Directions for this task:
Would you transcribe the line that holds "have := cycle_seq_period", plus every line beneath it through the end of the data, exactly and with nothing added?

Available data:

Lemma iter_fn2_period : iter (k + k) (fn f n.+2) y = y.
Proof.
rewrite iter_fn2_lift_base -[RHS](modz_small lift_base_small2); apply: modz_eq_dvd.
apply: dvdz_trans (proj1 (splits_double_return (lift_base_above y_base))).
exact: dvdz_pow2.
Qed.

Lemma iter_fn2_half_neq i : iter (k + i) (fn f n.+2) y != iter i (fn f n.+2) y.
Proof.
rewrite !iter_fn2_lift_base iter_approxD horner_comp; apply/eqP=> eq.
have [_ si] := splits_iter i (lift_base_above y_base).
by move: y_grows; rewrite -si /returns_mod -pow2SS -eqz_mod_dvd eq eqxx.
Qed.

Lemma double_lift_uniq : uniq (double_lift y).
Proof.
have lift_nth j : iter j (fn f n.+1) y = nth 0 (lift y) (j %% k).
  have := cycle_seq_iter (is_cycle_seq (lift_cycle y_base)) j (i := 0%N).
  by rewrite size_traject nth0_traject ?size_sigma_gt0 // => ->.
apply/(uniqP 0) => i j; rewrite !inE size_traject => lt_i lt_j.
rewrite !nth0_traject // => eq_ij.
have eq_mod : (i = j %[mod k])%N.
  have := congr1 (modz^~ (pow2 n.+1)) eq_ij; rewrite /= !iter_fn2_modz !lift_nth.
  have [_ /(uniqP 0) lift_uniq _ _] := lift_cycle y_base.
  by apply: lift_uniq; rewrite inE size_traject ltn_mod size_sigma_gt0.
case: (eqVneq i j) => // /eqP neq_ij.
have lt2 l : (l < k + k)%N -> (l < 2 * k)%N by rewrite mul2n -addnn.
move: eq_ij.
have [-> eq_ik | -> eq_jk] := eqmodn_two_residues (lt2 _ lt_i) (lt2 _ lt_j) eq_mod neq_ij.
  by move: (iter_fn2_half_neq i); rewrite addnC -eq_ik eqxx.
by move: (iter_fn2_half_neq j); rewrite addnC eq_jk eqxx.
Qed.

Lemma double_lift_cycle : is_cycle f n.+2 (double_lift y).
Proof.
split.
- by rewrite size_traject addn_gt0 size_sigma_gt0.
- exact: double_lift_uniq.
- apply/allP=> z /trajectP [i _ ->].
  by rewrite iter_fn2_lift_base modz_range // pow2_gt0.
- apply: cycle_seq_traject iter_fn2_period.
  by rewrite addn_gt0 size_sigma_gt0.
Qed.

Lemma double_lift_is_lift : is_lift f n.+1 (lift y) (double_lift y).
Proof.
split; first exact: double_lift_cycle.
by apply/allP=> z /trajectP [i _ ->]; rewrite iter_fn2_modz iter_mem_lift.
Qed.

Lemma double_lift_unique rho : is_lift f n.+1 (lift y) rho -> rho =i double_lift y.
Proof.
move=> [rho_cycle /allP rho_above].
have rho_gt0 : (0 < size rho)%N by case: rho_cycle.
set z := nth 0 rho 0; have zrho : z \in rho by apply: mem_nth.
have z_range : 0 <= z < 2 * pow2 n.+1.
  by rewrite -pow2S; case: rho_cycle => _ _ /allP /(_ _ zrho).
have /trajectP [j lt_jk zj] := rho_above z zrho.
have range i : 0 <= iter i (fn f n.+2) y < 2 * pow2 n.+1.
  by rewrite -pow2S iter_fn2_lift_base modz_range ?pow2_gt0.
have dvd_z i : iter i (fn f n.+1) y = iter j (fn f n.+1) y ->
    (pow2 n.+1 %| iter i (fn f n.+2) y - z)%Z.
  by move=> eq_ij; rewrite -eqz_mod_dvd; apply/eqP; rewrite iter_fn2_modz eq_ij zj.
have lift_period : iter (j + k) (fn f n.+1) y = iter j (fn f n.+1) y.
  have := cycle_seq_period (is_cycle_seq (lift_cycle y_base)) (iter_mem_lift 0%N y_base).
  by rewrite size_traject iterD => ->.
have same_cycle i : (i < k + k)%N -> z = iter i (fn f n.+2) y -> rho =i double_lift y.
  move=> lt_i zE; apply: (cycle_seq_eq_mem (is_cycle_seq rho_cycle)
    (is_cycle_seq double_lift_cycle) zrho).
  by rewrite zE; apply/trajectP; exists i.
have := eqmod_two_residues (pow2_gt0 n.+1) (range j) (range (j + k)%N) z_range
  (dvd_z _ erefl) (dvd_z _ lift_period).
rewrite eq_sym addnC iter_fn2_half_neq => /(_ isT) [] zE.
  by apply: (same_cycle j) zE; lia.
by apply: (same_cycle (k + j)%N) zE; lia.
Qed.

Response to this task:
  have := cycle_seq_period (is_cycle_seq (lift_cycle y_base)) (iter_mem_lift 0%N y_base).
  by rewrite size_traject iterD => ->.
have same_cycle i : (i < k + k)%N -> z = iter i (fn f n.+2) y -> rho =i double_lift y.
  move=> lt_i zE; apply: (cycle_seq_eq_mem (is_cycle_seq rho_cycle)
    (is_cycle_seq double_lift_cycle) zrho).
  by rewrite zE; apply/trajectP; exists i.
have := eqmod_two_residues (pow2_gt0 n.+1) (range j) (range (j + k)%N) z_range
  (dvd_z _ erefl) (dvd_z _ lift_period).
rewrite eq_sym addnC iter_fn2_half_neq => /(_ isT) [] zE.
  by apply: (same_cycle j) zE; lia.
by apply: (same_cycle (k + j)%N) zE; lia.
Qed.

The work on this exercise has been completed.